By: Abdullah ‘Reza’ Silalahi*
Demi masa(1). Sesungguhnya manusia itu benar-benar berada dalam kerugian(2), kecuali orang-orang yang beriman dan mengerjakan amal shaleh dan nasihat menasihati supaya menaati kebenaran dan nasihat menasihati supaya menetapi kesabaran(3). (Al-‘Ashr-1-3)
Tulisan ini saya peruntukkan bagi mereka-mereka yang sudah pernah mengecap manis-pahitnya sebuah pengkaderan awal di Organisasi Dakwah Kesatuan Aksi Mahasiswa Muslim Indonesia, baik kepada mereka yang berkontribusi aktif, maupun yang pasif. Yang pasti kalian telah tergabung dalam sebuah komunitas gerakan pembaharuan dibawah panji-panji kebenaran yang mencita-citakan lahirnya sebuah negeri yang mulia dan dimuliakan. Apapun yang kita lakukan ketika sudah bergabung dan tercatat menjadi seorang kader dakwah dalam wajihah perjuangan KAMMI, semuanya adalah berangkat atas dasar kesadaran dan kemauan kita pribadi. Kalaupun ada unsur tendensi dan intervensi dari pihak lain, yang pasti aktif dan tidaknya kita hingga detik ini merupakan sebuah pilihan. Berbahagialah mereka-mereka yang membuat pilihan dan menjadi pilihan.

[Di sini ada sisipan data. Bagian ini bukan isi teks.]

Lemma coassoc_bas (W : lmodType K) (F : cb -> cb -> cb -> W) b :
  lext (fun p => lext (fun q => F q.1 q.2 p.2) (cd p.1)) (cd b) =
  lext (fun p => lext (fun q => F p.1 q.1 q.2) (cd p.2)) (cd b).
Proof. by rewrite -Delta_bas coassoc. Qed.

(* Sum Psi c(1) c(2) c(3) *)
Definition sweedler3 (W : lmodType K) (Psi : cb -> cb -> cb -> W) (c : cvec C) : W :=
  lext (fun p => lext (fun q => Psi p.1 q.1 q.2) (cd p.2)) (Delta c).

Lemma eq_sweedler3 (W : lmodType K) (Psi Psi' : cb -> cb -> cb -> W) c :
  (forall a b d, Psi a b d = Psi' a b d) -> sweedler3 Psi c = sweedler3 Psi' c.
Proof. by move=> ePsi; apply: eq_lext => p; apply: eq_lext => q. Qed.

Lemma sweedler3_counit1 (W : lmodType K) (Phi : cb -> cb -> W) c :
  sweedler3 (fun a b d => ce a *: Phi b d) c = lext (fun p => Phi p.1 p.2) (Delta c).
Proof.
rewrite /sweedler3; under eq_lext => p do rewrite lextZ.
by rewrite (counitL (fun b => lext (fun q => Phi q.1 q.2) (cd b))) lext_Delta.
Qed.

Lemma sweedler3_counit2 (W : lmodType K) (Phi : cb -> cb -> W) c :
  sweedler3 (fun a b d => ce b *: Phi a d) c = lext (fun p => Phi p.1 p.2) (Delta c).
Proof. by apply: eq_lext => p; rewrite (counitL_bas (Phi p.1)). Qed.

Lemma sweedler3_counit3 (W : lmodType K) (Phi : cb -> cb -> W) c :
  sweedler3 (fun a b d => ce d *: Phi a b) c = lext (fun p => Phi p.1 p.2) (Delta c).
Proof. by apply: eq_lext => p; rewrite (counitR_bas (Phi p.1)). Qed.

(* Both sides are Sum Psi c(1) c(2) c(3) c(4): the left one with the legs
   bracketed as c(1)(1) c(1)(2) c(2)(1) c(2)(2). *)
Lemma coassoc4 (W : lmodType K) (Psi : cb -> cb -> cb -> cb -> W) c :
  lext (fun p => lext (fun q => lext (fun r => Psi q.1 q.2 r.1 r.2) (cd p.2))
                      (cd p.1)) (Delta c) =
  lext (fun p => lext (fun q => lext (fun r => Psi p.1 r.1 r.2 q.2) (cd q.1))
                      (cd p.2)) (Delta c).
Proof.
rewrite (coassoc (fun a b d => lext (fun r => Psi a b r.1 r.2) (cd d))).
by apply: eq_lext => p; rewrite -(coassoc_bas (Psi p.1)).
Qed.

End CoalgebraCalculus.

Lemma lext_Delta_tensor (K : fieldType) (D1 D2 : coalg K) (W : lmodType K)
    (F : (cbasis D1 * cbasis D2) * (cbasis D1 * cbasis D2) -> W) w :
  lext F (Delta (C := tensor_coalg D1 D2) w) =
  lext (fun s => lext (fun r1 => lext (fun r2 => F ((r1.1, r2.1), (r1.2, r2.2)))
                 (cdelta_b s.2)) (cdelta_b s.1)) w.
Proof.
by rewrite /Delta lext_lext; apply: eq_lext => s; rewrite /= lext_relabel lext_tens.
Qed.

Section CoalgebraMaps.
Variable K : fieldType.

Section OneMap.
Variables (C D : coalg K) (x : cvec C -> cvec D) (x_coalg : coalg_map x).

Lemma cm_linear : linear x. Proof. by case: x_coalg. Qed.
Lemma cm_Delta v : Delta (x v) = tensmap x x (Delta v). Proof. by case: x_coalg. Qed.
Lemma cm_eps v : eps (x v) = eps v. Proof. by case: x_coalg. Qed.

Lemma lext_Delta_cm (W : lmodType K) (H : cbasis D * cbasis D -> W) v :
  lext (fun a => lext H (cdelta_b a)) (x v) =
  lext (fun q => lext (fun s => lext (fun t => H (s, t)) (x (bas K q.2))) (x (bas K q.1)))
       (Delta v).
Proof. by rewrite -lext_Delta cm_Delta lext_tensmap. Qed.

Lemma lext_eps_scalel_cm (W : lmodType K) (w : W) v :
  lext (fun d => ceps_b d *: w) (x v) = eps v *: w.
Proof. by rewrite lext_eps_scalel cm_eps. Qed.

End OneMap.

Lemma coalg_map_comp (C1 C2 C3 : coalg K) (f : cvec C2 -> cvec C3) (g : cvec C1 -> cvec C2) :
  coalg_map f -> coalg_map g -> coalg_map (f \o g).
Proof.
move=> f_coalg g_coalg; split.
- exact: lin_comp (cm_linear f_coalg) (cm_linear g_coalg).
- move=> v /=; rewrite (cm_Delta f_coalg) (cm_Delta g_coalg) tensmap_comp //;
  exact: cm_linear.
- by move=> v /=; rewrite (cm_eps f_coalg) (cm_eps g_coalg).
Qed.

End CoalgebraMaps.

(** * The fibered product condition *)

Lemma relabel_flipK (K : fieldType) (A B : choiceType) (w : {malg K[(A * B)%type]}) :
  relabel flip (relabel flip w) = w.
Proof. by apply: vec_ext => F; rewrite !lext_relabel; apply: eq_lext => -[]. Qed.

Section PairingEvaluation.
Variables (K : fieldType) (C D1 D2 : coalg K).
Variables (x1 : cvec C -> cvec D1) (x2 : cvec C -> cvec D2).

Lemma lext_pairing (W : lmodType K) (F : cbasis D1 * cbasis D2 -> W) c :
  lext F (pairing x1 x2 c) =
  lext (fun p => lext (fun a => lext (fun b => F (a, b)) (x2 (bas K p.2)))
                      (x1 (bas K p.1))) (Delta c).
Proof. exact: lext_tensmap. Qed.

Lemma lext_pairing_bas (W : lmodType K) (F : cbasis D1 * cbasis D2 -> W) b :
  lext F (pairing x1 x2 (bas K b)) =
  lext (fun q => lext (fun s => lext (fun t => F (s, t)) (x2 (bas K q.2)))
                      (x1 (bas K q.1))) (cdelta_b b).
Proof. by rewrite lext_pairing Delta_bas. Qed.

End PairingEvaluation.

Section FiberedCondition.
Variables (K : fieldType) (C D1 D2 : coalg K).
Variables (x1 : cvec C -> cvec D1) (x2 : cvec C -> cvec D2).

Lemma fprod_condE :
  fprod_cond x1 x2 <-> forall c, pairing x1 x2 c = relabel flip (pairing x2 x1 c).
Proof. by rewrite /fprod_cond /pairing; split=> xx c; rewrite xx tensmap_flip. Qed.

Lemma pairing_flip : fprod_cond x1 x2 -> relabel flip \o pairing x1 x2 = pairing x2 x1.
Proof.
by move=> /fprod_condE xx; apply: functional_extensionality => c; rewrite /= xx relabel_flipK.
Qed.

Lemma fprod_cond_bas : fprod_cond x1 x2 ->
  forall (W : lmodType K) (G : cbasis D1 -> cbasis D2 -> W) b,
  lext (fun q => lext (fun s => lext (G s) (x2 (bas K q.2))) (x1 (bas K q.1))) (cdelta_b b) =
  lext (fun q => lext (fun s => lext (G s) (x2 (bas K q.1))) (x1 (bas K q.2))) (cdelta_b b).
Proof.
move=> /fprod_condE xx W G b.
have := congr1 (lext (fun st => G st.1 st.2)) (xx (bas K b)).
rewrite lext_relabel !lext_pairing_bas => ->.
by apply: eq_lext => q; rewrite lext_swap.
Qed.

End FiberedCondition.

Lemma fprod_cond_sym (K : fieldType) (C D1 D2 : coalg K)
    (x1 : cvec C -> cvec D1) (x2 : cvec C -> cvec D2) :
  fprod_cond x1 x2 -> fprod_cond x2 x1.
Proof. by move=> /pairing_flip xx; apply/fprod_condE => c; rewrite -xx. Qed.

Section Presheaf.
Variables (K : fieldType) (C C' D1 D2 : coalg K).
Variables (g : cvec C' -> cvec C) (g_coalg : coalg_map g).
Variables (x1 : cvec C -> cvec D1) (x2 : cvec C -> cvec D2).

Lemma fprod_comp : in_fprod x1 x2 -> in_fprod (x1 \o g) (x2 \o g).
Proof.
case=> x1_coalg x2_coalg xx; split; try exact: coalg_map_comp.
have lin1 := cm_linear x1_coalg; have lin2 := cm_linear x2_coalg.
move=> c; rewrite -!(tensmap_comp g g _ lin1 lin2) tensmap_flip -(cm_Delta g_coalg).
exact: xx.
Qed.

Lemma pairing_comp : coalg_map x1 -> coalg_map x2 ->
  pairing (x1 \o g) (x2 \o g) = pairing x1 x2 \o g.
Proof.
move=> /cm_linear lin1 /cm_linear lin2; apply: functional_extensionality => c.
by rewrite /pairing /= (cm_Delta g_coalg) tensmap_comp.
Qed.

End Presheaf.

Section PairingCoalgebraMap.
Variables (K : fieldType) (C D1 D2 : coalg K) (C_coalg : is_coalgebra C).
Variables (x1 : cvec C -> cvec D1) (x2 : cvec C -> cvec D2).
Hypotheses (x1_coalg : coalg_map x1) (x2_coalg : coalg_map x2).
Local Notation cd := (@cdelta_b K C).
Local Notation P := (pairing x1 x2).

Lemma pairing_eps c : eps (P c) = eps c.
Proof.
rewrite /eps lextKE lext_pairing /=.
under eq_lext => p do under eq_lext => a do
  rewrite -lextKE lextK_mull -/(eps _) (cm_eps x2_coalg) eps_bas mulrC.
under eq_lext => p do rewrite -lextKE lextK_mull -/(eps _) (cm_eps x1_coalg) eps_bas.
exact: (counitR C_coalg (W := K^o) (@ceps_b K C) c).
Qed.

Definition eval4 (W : lmodType K) (F : (cbasis D1 * cbasis D2) * (cbasis D1 * cbasis D2) -> W)
    (a b d e : cbasis C) : W :=
  lext (fun s => lext (fun t => lext (fun s' => lext (fun t' => F ((s, t), (s', t')))
    (x2 (bas K e))) (x1 (bas K d))) (x2 (bas K b))) (x1 (bas K a)).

Mudah-mudahan ada sebuah pencerahan kesadaran akan urgensi hadirnya kita dimuka bumi ini, dan terlebih dengan bergabungnya kita dalam barisan perjuangan dakwah ini, semoga senantiasa memberi sumbangsih yang lebih untuk kemashlahatan ummat baik sekarang maupun yang akan datang. Karena bagaimanapun kita hidup ditengah-tengah keramaian makhluk, yang membutuhkan uluran tangan untuk menunjukkan jalan kebenaran dan membatasi gejolak-gejolak kebhatilan. Kita harus menyadari bahwa tidak cukup hanya dengan keshalehan pribadi untuk membentuk sebuah cita-cita peradaban islam, tidak cukup hanya dengan keshalehan individu untuk menyongsong indahnya syurga yang dijanjikan. Inilah yang diperintahkan Allah.SWT dengan mengajak kita untuk berdakwah seperti yang dijelaskan pada Al-Qur’an Ali Imran:104 ;
“Dan hendaklah ada di antara kamu segolongan umat yang menyeru kepada kebaikan, memerintahkan kepada yang ma’ruf dan mencegah dari yang mungkar.”

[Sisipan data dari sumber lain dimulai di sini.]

Lemma height_inj_same_level p q : p.1 = q.1 -> height p = height q -> p = q.
Proof.
case: p q => [k j] [_ j'] /= <- eq_h; congr pair.
have [jj'|jj'|//] := ltngtP j j'.
- by have := @height_lt_same_level (k, j) (k, j') erefl jj'; rewrite eq_h ltnn.
- by have := @height_lt_same_level (k, j') (k, j) erefl jj'; rewrite eq_h ltnn.
Qed.

Lemma height_child p q : child_of b p q -> q.1 <= D ->
  if odd p.1 then height q < height p else height p < height q.
Proof.
case: p q => [k j] [_ j'] /andP[/= /eqP -> /eqP jq] /= kD.
have j'_eq : j' = j * b + j' %% b by rewrite -jq; apply: divn_eq.
have scale : b ^ (D - k) = b ^ (D - k.+1) * b by rewrite -expnSr subnSK.
have step_gt0 : 0 < b ^ (D - k.+1) by rewrite expn_gt0 b_gt0.
have mod_lt : b ^ (D - k.+1) * (j' %% b) < b ^ (D - k.+1) * b by rewrite ltn_pmul2l // ltn_mod.
have level_le : b ^ (D - k) <= b ^ D by apply: leq_pexp2l; rewrite ?leq_subr.
rewrite /height /= scale j'_eq; case: (odd k) => /=; nia.
Qed.

Lemma child_node_height (P C : V) : child_of b (node P) (node C) ->
  if odd (node P).1 then height (node C) < height (node P) else height (node P) < height (node C).
Proof. by move=> PC; apply: height_child; have := node_in C; rewrite mem_nodes => /andP[]. Qed.

Lemma alt_tree_height_lt (u v : V) : alt_tree u v -> height (node u) < height (node v).
Proof.
by case/orP=> /andP[h par]; have := child_node_height h; rewrite ?(negbTE par) ?par.
Qed.

Open Scope R_scope.

Lemma ratio_in_unit_interval (a c t : R) :
  a <> c -> a <= t <= c \/ c <= t <= a -> 0 <= (t - a) / (c - a) <= 1.
Proof.
move=> ac ht; have : (t - a) / (c - a) * (c - a) = t - a by field; lra.
by case: ht => ht; case: (Rlt_le_dec a c) => ac'; nra.
Qed.

Lemma level_add_frac_eq (a c : nat) (l1 l2 : R) : 0 <= l1 <= 1 -> 0 <= l2 <= 1 ->
  INR a + l1 = INR c + l2 ->
  (a = c /\ l1 = l2) \/ (c = a.+1 /\ l1 = 1 /\ l2 = 0) \/ (a = c.+1 /\ l1 = 0 /\ l2 = 1).
Proof.
move=> l1_01 l2_01 e.
have [ac|ca|ac] := ltngtP a c; last by left; split=> //; rewrite ac in e; lra.
- have [c_eq|/leP/le_INR] : c = a.+1 \/ (a.+2 <= c)%N by lia.
    by rewrite c_eq S_INR in e *; right; left; split=> //; lra.
  by rewrite !S_INR; lra.
- have [a_eq|/leP/le_INR] : a = c.+1 \/ (c.+2 <= a)%N by lia.
    by rewrite a_eq S_INR in e *; right; right; split=> //; lra.
  by rewrite !S_INR; lra.
Qed.

Definition tree_x (u : V) : R := INR (node u).1.
Definition tree_y (u : V) : Z := Z.of_nat (height (node u)).
Definition tree_curve (u v : V) (t : R) : R :=
  tree_x u + (tree_x v - tree_x u) / (IZR (tree_y v) - IZR (tree_y u)) * (t - IZR (tree_y u)).

Local Notation hR w := (INR (height (node w))).

Lemma IZR_tree_y (u : V) : IZR (tree_y u) = hR u.
Proof. by rewrite /tree_y -INR_IZR_INZ. Qed.

Lemma tree_x_child (P C : V) : child_of b (node P) (node C) -> tree_x C = tree_x P + 1.
Proof. by case/andP=> /eqP lvl _; rewrite /tree_x lvl S_INR. Qed.

Lemma tree_edge_point (u v : V) (t : R) : alt_tree u v ->
  IZR (tree_y u) <= t <= IZR (tree_y v) ->
  exists P C l, [/\ child_of b (node P) (node C), (u = P /\ v = C) \/ (u = C /\ v = P),
    0 <= l <= 1, t = hR P + l * (hR C - hR P) & tree_curve u v t = tree_x P + l].
Proof.
move=> Euv; rewrite !IZR_tree_y => ht.
have huv : hR u < hR v by apply/lt_INR/ltP/alt_tree_height_lt.
rewrite /tree_curve !IZR_tree_y.
case/orP: (Euv) => /andP[PC _].
- exists u, v, ((t - hR u) / (hR v - hR u)); rewrite (tree_x_child PC).
  split; [done | by left | | field | field]; try lra.
  by apply: ratio_in_unit_interval; lra.
- exists v, u, ((t - hR v) / (hR u - hR v)); rewrite (tree_x_child PC).
  split; [done | by right | | field | field]; try lra.
  by apply: ratio_in_unit_interval; lra.
Qed.

Lemma same_level_same_height (u v : V) : (node u).1 = (node v).1 -> hR u = hR v -> u = v.
Proof. by move=> lvl /INR_eq h; apply/node_inj/height_inj_same_level. Qed.

Lemma tree_curves_same_level_ordered (P1 C1 P2 C2 : V) (l : R) :
  child_of b (node P1) (node C1) -> child_of b (node P2) (node C2) ->
  (node P1).1 = (node P2).1 -> ((node P1).2 < (node P2).2)%N -> 0 <= l <= 1 ->
  hR P1 + l * (hR C1 - hR P1) < hR P2 + l * (hR C2 - hR P2).
Proof.
move=> PC1 PC2 lvl pos l01.
have /ltP/lt_INR hP : (height (node P1) < height (node P2))%N by apply: height_lt_same_level.
have /ltP/lt_INR hC : (height (node C1) < height (node C2))%N.
  apply: height_lt_same_level; last exact: child_of_monotone PC1 PC2 pos.
  by move: PC1 PC2 => /andP[/eqP -> _] /andP[/eqP -> _]; rewrite lvl.
case: (Req_dec l 1) => [->|l_neq1]; first lra.
have : 0 < (1 - l) * (hR P2 - hR P1) by apply: Rmult_lt_0_compat; lra.
have : 0 <= l * (hR C2 - hR C1) by apply: Rmult_le_pos; lra.
lra.
Qed.

Lemma tree_curve_avoids_nodes (u v w : V) : alt_tree u v -> w <> u -> w <> v ->
  IZR (tree_y u) <= IZR (tree_y w) <= IZR (tree_y v) -> tree_curve u v (IZR (tree_y w)) <> tree_x w.
Proof.
move=> Euv wu wv /(tree_edge_point Euv)[P [C [l [PC orient l01 tw ->]]]].
rewrite IZR_tree_y in tw; rewrite /tree_x => xw.
have [lvlC _] := andP PC.
case: (level_add_frac_eq l01 (conj (Rle_refl 0) Rle_0_1) (etrans xw (esym (Rplus_0_r _))))
  => [[lvl l0]|[[lvl [l1 _]]|[_ [_ /esym/R1_neq_R0 //]]]].
- have wP : w = P by apply: same_level_same_height; [rewrite lvl | rewrite tw l0; lra].
  by case: orient => -[eu ev]; [apply: wu | apply: wv]; rewrite wP.
- have wC : w = C by apply: same_level_same_height; [rewrite (eqP lvlC) | rewrite tw l1; lra].
  by case: orient => -[eu ev]; [apply: wv | apply: wu]; rewrite wC.
Qed.

Lemma tree_curves_same_level_meet (P1 C1 P2 C2 : V) (l : R) :
  child_of b (node P1) (node C1) -> child_of b (node P2) (node C2) ->
  (node P1).1 = (node P2).1 -> 0 <= l <= 1 ->
  hR P1 + l * (hR C1 - hR P1) = hR P2 + l * (hR C2 - hR P2) -> P1 = P2 /\ (C1 = C2 \/ l = 0).
Proof.
move=> PC1 PC2 lvl l01 meet.
have [P12|P12] := eqVneq P1 P2.
  rewrite -P12 in PC2 meet *; split=> //.
  have [|C12] := eqVneq C1 C2; [by left | right].
  have lvlC : (node C1).1 = (node C2).1.
    by move: PC1 PC2 => /andP[/eqP -> _] /andP[/eqP -> _].
  have hC : hR C1 <> hR C2 by move=> /(same_level_same_height lvlC) e; rewrite e eqxx in C12.
  have : l * (hR C1 - hR C2) = 0 by lra.
  by case/Rmult_integral => //; lra.
exfalso; have [pos|pos|pos] := ltngtP (node P1).2 (node P2).2.
- by have := tree_curves_same_level_ordered PC1 PC2 lvl pos l01; lra.
- by have := tree_curves_same_level_ordered PC2 PC1 (esym lvl) pos l01; lra.
- move: P12; rewrite (@node_inj P1 P2) ?eqxx //.
  by case: (node P1) (node P2) lvl pos => [? ?] [? ?] /= -> ->.
Qed.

Jika kita mencoba mendalami makna ayat diatas, maka kita akan menemukan sebuah pencerahan yang luar biasa bahwa sungguh begitu mulianya menjadi orang-orang pilihan, seperti halnya keberadaan kita sebagai Kader KAMMI. Keterlibatan kita dalam wasilah dakwah ini adalah pilihan Allah.SWT dan merupakan sebuah perjuangan yang mulia dan dimuliakan, dimana Allah SWT telah membeli dari orang-orang mukmin, diri dan harta mereka dengan memberikan syurga sebagai imbalannya.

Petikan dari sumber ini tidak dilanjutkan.